Emotion-aware music tower blocks (EmoMTB ): an intelligent audiovisual interface for music discovery and recommendation
Melchiorre AB, Penz D, Ganhör C, Lesota O, Fragoso V, Fritzl F, Parada-Cabaleiro E, Schubert F and Schedl M
Music listening has experienced a sharp increase during the last decade thanks to music streaming and recommendation services. While they offer text-based search functionality and provide recommendation lists of remarkable utility, their typical mode of interaction is unidimensional, i.e., they provide lists of consecutive tracks, which are commonly inspected in sequential order by the user. The user experience with such systems is heavily affected by cognition biases (e.g., position bias, human tendency to pay more attention to first positions of ordered lists) as well as algorithmic biases (e.g., popularity bias, the tendency of recommender systems to overrepresent popular items). This may cause dissatisfaction among the users by disabling them to find novel music to enjoy. In light of such systems and biases, we propose an intelligent audiovisual music exploration system named EmoMTB . It allows the user to browse the entirety of a given collection in a free nonlinear fashion. The navigation is assisted by a set of personalized emotion-aware recommendations, which serve as starting points for the exploration experience. EmoMTB  adopts the metaphor of a city, in which each track (visualized as a colored cube) represents one floor of a building.
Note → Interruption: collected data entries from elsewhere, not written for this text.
(* Let $I\subseteq\mathbb K[x_1,\dots,x_n]$ be an $\mathfrak m$-primary monomial ideal generated in a single degree $d$ (so $\mu_i=x_i^d\in G(I)$ for all $i$), and let $J=\langle\mu_1,\dots,\mu_n\rangle$. The following are equivalent: (1) $I$ is Freiman, i.e. $|G(I^2)|=n|G(I)|-\binom n2$; (2) $I$ is very good; (3) $I^2=IJ$.
   Context: Let $\mathbb K$ be a field, $R=\mathbb K[x_1,\dots,x_n]$, $\mathfrak m=\langle x_1,\dots,x_n\rangle$, $\mathbb N=\{0,1,2,\dots\}$. A monomial $x_1^{\alpha_1}\cdots x_n^{\alpha_n}$ is identified with the point $(\alpha_1,\dots,\alpha_n)\in\mathbb N^n$. For a monomial ideal $I$, $G(I)$ denotes its (unique) minimal monomial generating set. An equigenerated monomial ideal $I$ with analytic spread $l(I)$ is called Freiman if $|G(I^2)|=l(I)|G(I)|-\binom{l(I)}{2}$; for $\mathfrak m$-primary $I$, $l(I)=n$. If $I$ is an $\mathfrak m$-primary monomial ideal, then for each $i$ there is a unique $d_i\ge1$ with $x_i^{d_i}\in G(I)$; write $\mu_i=x_i^{d_i}$. For $(a_1,\dots,a_n)\in\mathbb N^n$ the box associated to $I$ is $B_{a_1,\dots,a_n}=([a_1d_1,(a_1+1)d_1]\times\cdots\times[a_nd_n,(a_n+1)d_n])\cap\mathbb N^n$; a monomial belongs to a box if its exponent vector does. An $\mathfrak m$-primary monomial ideal $I$ is called good if for every integer $l\ge1$, every element of $G(I^l)$ belongs to some box $B_{a_1,\dots,a_n}$ with $a_1+\dots+a_n=l-1$. For a good ideal $I$ and $a\in\mathbb N^n$, with $l=a_1+\dots+a_n+1$, define $I_{a}=\left\langle \frac{m}{\mu_1^{a_1}\cdots\mu_n^{a_n}} : m\in B_{a}\cap G(I^l)\right\rangle$. A good ideal $I$ is called very good if $I_{a}=I$ for all $a\in\mathbb N^n$. *)

(* Monomial ideals of K[x_1..x_n] are modelled
   combinatorially: a monomial is its exponent vector in N^n, a monomial
   ideal is given by a finite generating list of monomials. *)
From HB Require Import structures.
From mathcomp Require Import all_boot.
Set Implicit Arguments. Unset Strict Implicit. Unset Printing Implicit Defensive.

Definition mono (n : nat) := {ffun 'I_n -> nat}.

Definition mzero n : mono n := [ffun _ => 0].
Definition madd n (m m' : mono n) : mono n := [ffun i => m i + m' i].
Definition upow n (i : 'I_n) (k : nat) : mono n := [ffun j => if j == i then k else 0].
Definition mdeg n (m : mono n) : nat := \sum_(i < n) m i.
Definition mdiv n (g m : mono n) : bool := [forall i, g i <= m i].

Definition in_ideal n (S : seq (mono n)) (m : mono n) : bool := has (fun g => mdiv g m) S.

Definition ideal_eq n (S T : seq (mono n)) : Prop := forall m, in_ideal S m = in_ideal T m.

Definition mingens n (S : seq (mono n)) : seq (mono n) :=
  undup [seq m <- S | ~~ has (fun g => mdiv g m && (g != m)) S].

Definition prodgens n (S T : seq (mono n)) : seq (mono n) :=
  [seq madd s t | s <- S, t <- T].

Definition powgens n (S : seq (mono n)) (l : nat) : seq (mono n) :=
  iter l (prodgens S) [:: mzero n].

Definition mprimary n (S : seq (mono n)) : Prop :=
  ~~ in_ideal S (mzero n) /\ forall i : 'I_n, exists k, in_ideal S (upow i k).

Definition equigen n (S : seq (mono n)) (d : nat) : Prop :=
  forall g, g \in mingens S -> mdeg g = d.

(* Freiman for an m-primary ideal (l(I) = n):
   |G(I^2)| = n |G(I)| - binom(n,2), written without truncated subtraction *)
Definition freiman_mprimary n (S : seq (mono n)) : Prop :=
  size (mingens (powgens S 2)) + 'C(n, 2) = n * size (mingens S).

Definition in_box n (dv : 'I_n -> nat) (a m : mono n) : bool :=
  [forall i, (a i * dv i <= m i) && (m i <= (a i).+1 * dv i)].

Definition asum n (a : mono n) : nat := \sum_(i < n) a i.

Definition pure_exps n (S : seq (mono n)) (dv : 'I_n -> nat) : Prop :=
  forall i, upow i (dv i) \in mingens S.

Definition good_wrt n (S : seq (mono n)) (dv : 'I_n -> nat) : Prop :=
  forall l, 1 <= l -> forall m, m \in mingens (powgens S l) ->
    exists a : mono n, asum a = l.-1 /\ in_box dv a m.

Definition good n (S : seq (mono n)) : Prop :=
  exists dv, pure_exps S dv /\ good_wrt S dv.

Definition mdivide_box n (dv : 'I_n -> nat) (a m : mono n) : mono n :=
  [ffun i => m i - a i * dv i].

Definition Ia_gens n (S : seq (mono n)) (dv : 'I_n -> nat) (a : mono n) : seq (mono n) :=
  [seq mdivide_box dv a m | m <- mingens (powgens S (asum a).+1) & in_box dv a m].

Definition very_good n (S : seq (mono n)) : Prop :=
  exists dv, pure_exps S dv /\ good_wrt S dv /\
    forall a : mono n, ideal_eq (Ia_gens S dv a) S.

Definition Jgens n (d : nat) : seq (mono n) := [seq upow i d | i <- enum 'I_n].

(* All three conditions are shown equivalent to the
   EXCHANGE PROPERTY
       (E)  for all g, h in G there are g' in G and i with g h = g' mu_i.
   Since I is equigenerated, G(I^l) consists exactly of the products of l
   elements of G, i.e. of the elements of I^l of degree l d.
   - (I^2 = IJ) <-> (E): a product g h of degree 2d lies in IJ iff it is
     divisible by, hence equal to, some g' mu_i.
   - Freiman <-> (E): the products g mu_i form a subset Q of G(I^2); the only
     coincidences among them are mu_j mu_i = mu_i mu_j, so |Q| = n|G| - C(n,2),
     and |G(I^2)| = |Q| iff G(I^2) = Q iff (E).
   - very good <-> (E): the box decomposition of g h in G(I^2) writes it as
     x mu_i with x in I_a = I of degree d.  Conversely, iterating (E) writes
     every element of G(I^l) as g mu^b with g in G and |b| = l - 1, which puts
     it in the box B_b and makes the box quotients minimal generators of I. *)
From mathcomp Require Import all_boot zify.
Set Implicit Arguments. Unset Strict Implicit. Unset Printing Implicit Defensive.

Section Monomials.
Variable n : nat.
Implicit Types (m g h : mono n) (S : seq (mono n)).

Lemma maddC m g : madd m g = madd g m.
Proof. by apply/ffunP=> i; rewrite !ffunE addnC. Qed.

Lemma madd0 m : madd m (mzero n) = m.
Proof. by apply/ffunP=> i; rewrite !ffunE addn0. Qed.

Lemma mdeg_add m g : mdeg (madd m g) = mdeg m + mdeg g.
Proof. by rewrite /mdeg -big_split /=; apply: eq_bigr=> i _; rewrite ffunE. Qed.

Lemma mdeg_coord m (i : 'I_n) : m i <= mdeg m.
Proof. by rewrite /mdeg (bigD1 i) //= leq_addr. Qed.

Lemma mdeg_upow (i : 'I_n) k : mdeg (upow i k) = k.
Proof.
rewrite /mdeg (bigD1 i) //= big1 ?ffunE ?eqxx ?addn0 // => j /negPf ji.
by rewrite ffunE ji.
Qed.

Lemma mdivP g m : reflect (forall i, g i <= m i) (mdiv g m).
Proof. exact: forallP. Qed.

Lemma mdiv_refl m : mdiv m m.
Proof. by apply/mdivP. Qed.

Lemma mdiv_trans g h m : mdiv g h -> mdiv h m -> mdiv g m.
Proof. by move=> /mdivP a /mdivP b; apply/mdivP=> i; apply: leq_trans (a i) (b i). Qed.

Lemma mdiv_add g h g' h' : mdiv g g' -> mdiv h h' -> mdiv (madd g h) (madd g' h').
Proof. by move=> /mdivP a /mdivP b; apply/mdivP=> i; rewrite !ffunE leq_add. Qed.

Lemma mdiv_deg g m : mdiv g m -> mdeg g <= mdeg m.
Proof. by move=> /mdivP a; apply: leq_sum=> i _. Qed.

Lemma mdiv_eq g m : mdiv g m -> mdeg m <= mdeg g -> g = m.
Proof.
move=> /mdivP a le.
pose r : mono n := [ffun i => m i - g i].
have Em : m = madd g r by apply/ffunP=> i; rewrite !ffunE subnKC.
have : mdeg r == 0 by move: le; rewrite Em mdeg_add; lia.
rewrite /mdeg sum_nat_eq0 => /forallP r0.
apply/ffunP=> i; have := r0 i; rewrite /= ffunE subn_eq0 => mg.
by apply/eqP; rewrite eqn_leq a mg.
Qed.

Lemma mdiv_lt g m : mdiv g m -> g != m -> mdeg g < mdeg m.
Proof.
move=> dv ne; rewrite ltn_neqAle mdiv_deg // andbT.
by apply: contra ne=> /eqP e; apply/eqP/mdiv_eq=> //; rewrite e leqnn.
Qed.

Lemma mem_mingens S m : m \in mingens S =
  (m \in S) && ~~ has (fun g => mdiv g m && (g != m)) S.
Proof. by rewrite mem_undup mem_filter andbC. Qed.

Lemma mingens_below S m : m \in S -> exists2 g, g \in mingens S & mdiv g m.
Proof.
move: {2}(mdeg m) (leqnn (mdeg m)) => k; elim: k m => [|k IH] m lek mS.
  exists m; last exact: mdiv_refl.
  rewrite mem_mingens mS /=; apply/hasPn=> g gS; apply/negP=> /andP[dv ne].
  by have := mdiv_lt dv ne; lia.
case Hm: (has (fun g => mdiv g m && (g != m)) S).
  move/hasP: Hm=> [g gS /andP[dv ne]].
  have [h hm dh] := IH g (ltnSE (leq_trans (mdiv_lt dv ne) lek)) gS.
  by exists h => //; apply: mdiv_trans dh dv.
by exists m; [rewrite mem_mingens mS Hm | apply: mdiv_refl].
Qed.

Lemma in_ideal_sub (X Y : seq (mono n)) m : (forall x, x \in X -> in_ideal Y x) ->
  in_ideal X m -> in_ideal Y m.
Proof.
move=> XY /hasP [x xX dx]; have /hasP [y yY dy] := XY x xX.
by apply/hasP; exists y => //; apply: mdiv_trans dy dx.
Qed.

Lemma mem_prodgens (S T : seq (mono n)) s t :
  s \in S -> t \in T -> madd s t \in prodgens S T.
Proof. by move=> sS tT; apply/allpairsP; exists (s, t). Qed.

Lemma upow_inj d : 0 < d -> injective (fun i : 'I_n => upow i d).
Proof.
move=> d0 i j /ffunP /(_ i); rewrite !ffunE eqxx.
by case: eqP => // _ e; move: d0; rewrite e.
Qed.

Lemma asum1 (a : mono n) : asum a = 1 -> exists i, a = upow i 1.
Proof.
move=> a1.
have [i ai] : exists i, 0 < a i.
  apply/existsP; apply: contraT; rewrite negb_exists => /forallP a0.
  by move: a1; rewrite /asum big1 // => i _; have := a0 i; lia.
exists i; move: a1; rewrite /asum (bigD1 i) //= => a1.
have ai1 : a i = 1 by lia.
move/eqP: a1; rewrite ai1 -{2}[1]addn0 eqn_add2l sum_nat_eq0 => /forallP a0.
apply/ffunP=> j; rewrite ffunE; case: eqP => [->|/eqP ne] //.
by apply/eqP; have := a0 j; rewrite ne.
Qed.

Lemma asum_bump (b c : mono n) (i : 'I_n) :
  (forall j, c j = b j + (j == i)) -> asum c = (asum b).+1.
Proof.
move=> Ec; rewrite /asum (eq_bigr (fun j => b j + (j == i))) // big_split /=.
rewrite [X in _ + X](bigD1 i) //= eqxx [X in _ + (_ + X)]big1 ?addn0 ?addn1 //.
by move=> j /negPf ->.
Qed.

Lemma asum_pos (b : mono n) : 0 < asum b -> exists i, 0 < b i.
Proof.
move=> b0; apply/existsP; apply: contraT; rewrite negb_exists => /forallP bi0.
by move: b0; rewrite /asum big1 // => i _; have := bi0 i; lia.
Qed.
Highly similar tracks are located in the same building; moderately similar ones form neighborhoods that mostly correspond to genres. Tracks situated between distinct neighborhoods create a gradual transition between genres. Users can navigate this music city using their smartphones as control devices. They can explore districts of well-known music or decide to leave their comfort zone. In addition, EmoMTB   integrates an emotion-aware music recommendation system that re-ranks the list of suggested starting points for exploration according to the user's self-identified emotion or the collective emotion expressed in EmoMTB 's Twitter channel. Evaluation of EmoMTB   has been carried out in a threefold way: by quantifying the homogeneity of the clustering underlying the construction of the city, by measuring the accuracy of the emotion predictor, and by carrying out a web-based survey composed of open questions to obtain qualitative feedback from users.